Whilst they wrestle with this dilemma let us not forget how far they have already appeased Unionism and the British government. The Good Friday Agreement formalised the Unionist veto that is the bedrock of the mini-state. That means the Unionists have the final say over any fundamental dismantling of this sectarian, artificial state. Despite a ceasefire, which has lasted, for around a decade there has been no change to Unionist controlled police and security forces. Also the GFA has not resolved the main social injustice the republican struggle was based on – the denial of the right to self-determination for the Irish people as a whole.

On the basis of these retreats from Republicanism, socialists would welcome an alternative, which spelled out a continuing fight against the northern sectarian state and Britain’s support for it. Socialists would welcome the development of mass struggles within the workplaces and communities as part of a fight for a Workers Republic.

How significant then is the Socialist Environmental Alliance vote in Derry which polled 1,649 (3.6 per cent) as an indication of such an alternative?

The SEA led by veteran civil rights campaigner and SWP member Eamonn McCann, polled slightly less than the SEA Assembly election vote in 2003. It also failed to win in the 4 wards in the local elections. But it was a respectable vote, which pushed the UUP into fifth position in the Foyle constituency. More importantly it was a campaign that drew support from people outraged by the intended water privatisation and water charges. The SEA fought for a mass campaign of non-payment and has also stressed working class unity against sectarianism, war and the big business agenda.

On the basis of this record of struggle against the water charges League for the Fifth international supporters in Ireland gave the SEA critical support. However we are astonished that a socialist organisation in northern Ireland of all places can remain silent on the Peace process, the Police, British troops, the northern state, the national question and imperialism, etc, the better perhaps to forge working class unity. Whilst we should always seek to unify all workers in struggle over specific issues, as socialists we also need to understand the role of the state, the bosses’ state, in undermining struggles and fostering divisions within the working class. Indeed the British state is a past master at divide and rule especially when workers are united in struggle.

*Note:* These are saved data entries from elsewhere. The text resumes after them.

Lemma l0E : l0 = join (pt_of (rv4 1 0 0 0)) (pt_of (rv4 0 0 0 1)).
Proof. by rewrite /l0 /=; congr (join (pt_of _) _); congr rv4; ring. Qed.

Lemma sub_l0 (v : 'rV[F]_4) : (v <= l0)%MS = (v 0 1 == 0) && (v 0 2 == 0).
Proof.
have l0_ker (n : 'cV[F]_4) : n 0 0 = 0 -> n 3 0 = 0 -> (l0 <= kermx n)%MS.
  move=> n0 n3; rewrite (cv4E n) n0 n3 l0E sub_joinl !sub_ptl !sub_kermx !rv4_cv4 !mx11_eq0.
  by apply/andP; split; apply/eqP; ring.
apply/idP/idP => [vl|/andP[/eqP v1 /eqP v2]].
  have e1 : (l0 <= kermx (cv4 0 1 0 0))%MS by apply: l0_ker; rewrite mxE.
  have e2 : (l0 <= kermx (cv4 0 0 1 0))%MS by apply: l0_ker; rewrite mxE.
  move: (submx_trans vl e2) (submx_trans vl e1).
  rewrite !sub_kermx {1 2}(rv4E v) !rv4_cv4 !mx11_eq0.
  by rewrite !mulr0 !mulr1 !addr0 !add0r => -> ->.
rewrite (rv4E v) v1 v2 l0E sub_joinr.
have -> : rv4 (v 0 0) 0 0 (v 0 3) = v 0 0 *: rv4 1 0 0 0 + v 0 3 *: rv4 0 0 0 1.
  by rewrite !rv4Z rv4D; congr rv4; ring.
apply: addmx_sub; apply: scalemx_sub.
  by apply: submx_trans (addsmxSl _ _); rewrite sub_ptr.
by apply: submx_trans (addsmxSr _ _); rewrite sub_ptr.
Qed.

Definition l0_pt z : M4 :=
  if z is Some m then pt_of (rv4 1 0 0 m) else pt_of (rv4 0 0 0 1).

Lemma l0_pt_point z : is_point (l0_pt z) && (l0_pt z <= l0)%MS.
Proof.
case: z => [m|] /=; rewrite sub_ptl sub_l0 !mxE /= eqxx andbT is_point_pt //.
  by rewrite rv4_eq0 oner_eq0.
by rewrite rv4_eq0 oner_eq0 !andbF.
Qed.

Lemma l0_pt_inj : injective l0_pt.
Proof.
move=> [m|] [m'|] /= /pt_ofP [k]; rewrite rv4Z => /eqP;
  rewrite rv4_eq => /and4P[/eqP h1 _ _ /eqP h4] //.
- by congr Some; move: h1 h4; rewrite mulr1 => <-; rewrite mul1r.
- by move: h1; rewrite mulr0 => /eqP; rewrite oner_eq0.
- by move: h1 h4; rewrite mulr1 => <-; rewrite mul0r => /eqP; rewrite oner_eq0.
Qed.

Lemma l0_pt_onto (P : M4) : is_point P -> (P <= l0)%MS -> exists z, P = l0_pt z.
Proof.
move=> /point_rep[v vn ->]; rewrite sub_ptl sub_l0 => /andP[/eqP v1 /eqP v2].
move: vn; rewrite (rv4E v) v1 v2 rv4_eq0 !eqxx /=.
have [v0|v0] := eqVneq (v 0 0) 0.
  rewrite v0 ?eqxx /= => vn; exists None.
  by rewrite /= -[in RHS](pt_scale _ vn) rv4Z; congr (pt_of _); congr rv4; ring.
move=> _; exists (Some (v 0 3 / v 0 0)).
rewrite /= -[in RHS](pt_scale _ v0) rv4Z; congr (pt_of _); congr rv4; rewrite ?mulr1 ?mulr0 //.
by rewrite mulrC divfK.
Qed.

Lemma pts_in_l0 (C : pred M4) : (forall P, C P -> is_point P) ->
  pts_in C l0 = #|[set z | C (l0_pt z)]|.
Proof.
move=> Cp; rewrite /pts_in.
have -> : [set P | C P & (P <= l0)%MS] = l0_pt @: [set z | C (l0_pt z)].
  apply/setP => P; rewrite inE; apply/andP/imsetP => [[CP Pl]|[z]].
    by have [z Pz] := l0_pt_onto (Cp _ CP) Pl; exists z; rewrite // inE -Pz.
  by rewrite inE => Cz ->; case/andP: (l0_pt_point z).
by rewrite card_imset //; apply: l0_pt_inj.
Qed.

End ReferenceChord.

Lemma card_Some (T : finType) (Q : pred (option T)) : ~~ Q None ->
  #|[set z | Q z]| = #|[set t : T | Q (Some t)]|.
Proof.
move=> QN; have -> : [set z | Q z] = Some @: [set t : T | Q (Some t)].
  apply/setP => [[t|]]; rewrite inE; last by rewrite (negbTE QN); apply/esym/imsetP => -[].
  by rewrite mem_imset ?inE //; apply: Some_inj.
by rewrite card_imset //; apply: Some_inj.
Qed.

The SEA should have used the election to tell Derry workers about socialism, about why Sinn Fein were wrong on the Peace Process, about workers defence against loyalist and state attacks and indeed on the water charges should have explained why a mass non-payment campaign – though excellent in itself – also needs indefinite strike action, not just a one day strike in January by the Water Service Group unions, by the organised working class against privatisation to decisively halt the government in its tracks.